Restructure police force to fight crime says former FBI agent
He was denied the job as Jamaica's police commissioner on two occasions and accepts the decision, but the former Federal Bureau of Investigation (FBI) man, Wilfred Rattigan, is rankled by the seeming lack of appreciation for the contribution he, and others in the diaspora, can make to the island.
Rattigan is also convinced that his proposals to reduce the number of police divisions across the island and to cut the number of persons who make up the Police High Command would be important steps in the fight against crime.
"The part about not being selected, I'm fine with that. But when people say to me, 'boy, dah bredda yah a foreigna, him nuh undastan the culture,' that now, dat a something different," said the 30-year law-enforcement executive and former intelligence officer, with special interest in cybercrimes and online business fraud.
"Culturally, what are you going to tell me is going on in Jamaica, that I don't understand, crime?" Rattigan told The Sunday Gleaner during a recent interview.

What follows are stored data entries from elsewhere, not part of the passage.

Theorem corollary3p7 (M alpha r0 r1 : R) :
  0 < M -> 0 <= alpha < 1 ->
  0 < r0 < 1 -> r0_eq M alpha r0 ->
  0 < r1 < 1 -> r0_eq M (1/2) r1 ->
  (forall f, inF M f -> forall f1 f2, derivs_on_D f f1 f2 ->
     forall z : C, Cmod z <= r0 ->
       f1 z <> 0%C /\ Cmod (z * f2 z / f1 z)%C <= 1 - alpha) /\
  (forall r, r0 < r ->
     exists f, inF M f /\ exists f1 f2, derivs_on_D f f1 f2 /\
       exists z : C, Cmod z < 1 /\ Cmod z <= r /\
         (f1 z = 0%C \/ 1 - alpha < Cmod (z * f2 z / f1 z)%C)) /\
  is_lub (convex_order_radii M alpha) r0 /\
  is_lub (uniform_convex_radii M) r1.
Proof.
  intros HM Ha Hr0 Heq Hr1 Heq1.
  apply r0_eq_poly in Heq, Heq1.
  split; [|split; [|split]].
  - intros f Hf f1 f2 Hd z Hz.
    destruct (inF_ratio_le_r0 M alpha r0 f f1 f2 z HM Ha (proj2 Hr0) Heq Hf Hd Hz)
      as [Hnz [Hle _]].
    now split.
  - intros r Hr.
    destruct (extremal_witness M alpha r0 r HM Ha Hr0 Heq Hr)
      as (f & f1 & f2 & z & Hf & Hd & Hz1 & Hzr & q & Hq & Hw).
    exists f. split; [exact Hf|]. exists f1, f2. split; [exact Hd|].
    exists z. split; [exact Hz1|]. split; [lra|].
    right. rewrite Hw, Cmod_R, Rabs_Ropp, Rabs_pos_eq; lra.
  - now apply is_lub_convex_order_radii.
  - now apply is_lub_uniform_convex_radii.
Qed.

"You not telling me anything about crime. me grow up with criminals. Is just by the grace of God and parents and guidance why I didn't pick up a gun and shoot people," added Rattigan, with all the traces of a Jamaican accent despite living in the United States for more than three decades.
"That is the only thing that really gets me upset: when people say that this man yah is a foreigna. My navel string cut and grow yah so," argued the former student of Meadowbrook High School, who spent his teenage years along Maxfield Avenue and Waterhouse in the Corporate Area before migrating to New York at age 17.
Organised crime experience
Rattigan, a graduate of the John Jay College of Criminal Justice, who has experience in transnational organised crime and counter-terrorism in South Africa, Asia, and the Middle East, was invited to address graduates at the University of Technology last week.
He applied for the job as Jamaica's top cop in 2014 but was turned down in favour of Dr Carl Williams, who quit the post in December last year. This year, he was again turned down in favour of now police commissioner George Quallo. Both times, he was not invited to an interview.
Rattigan lives in Maryland with his wife of nine years and his children. he admitted that moving to Jamaica to serve as police commissioner would have been a lonely decision as his family had decided that they would not come.
"They told me, 'if you go, we support you and we love you, but we are not coming. So you are on your own'," said Rattigan with a chuckle.
"But when you get to a stage in life, there are certain things that you are willing to make the sacrifice for. You have to find something that you are passionate about, and I'm passionate about Jamaica," added Rattigan.
He told our news team that he was still willing to offer his services to the Jamaica Constabulary Force in any capacity.
"I would do it for free. I'm all right. I still get my monthly stipend, so I'm not coming here to do this for the money," said Rattigan, who has suggested that the 19 police divisions across the island be reduced to three, one for each county.
He argues that this would improve accountability and allow for a more timely response by police patrols.
Rattigan has also proposed that more resources be allocated to the police for intelligence work but argues that that should only be done after the force has been restructured.
"There are also too many people in the Police High Command. We have to get rid of that. That is the 1870s model," said Rattigan.
"You have to get the police to be more proactive, and that has to be done by restructuring the whole organisation," added the former FBI man.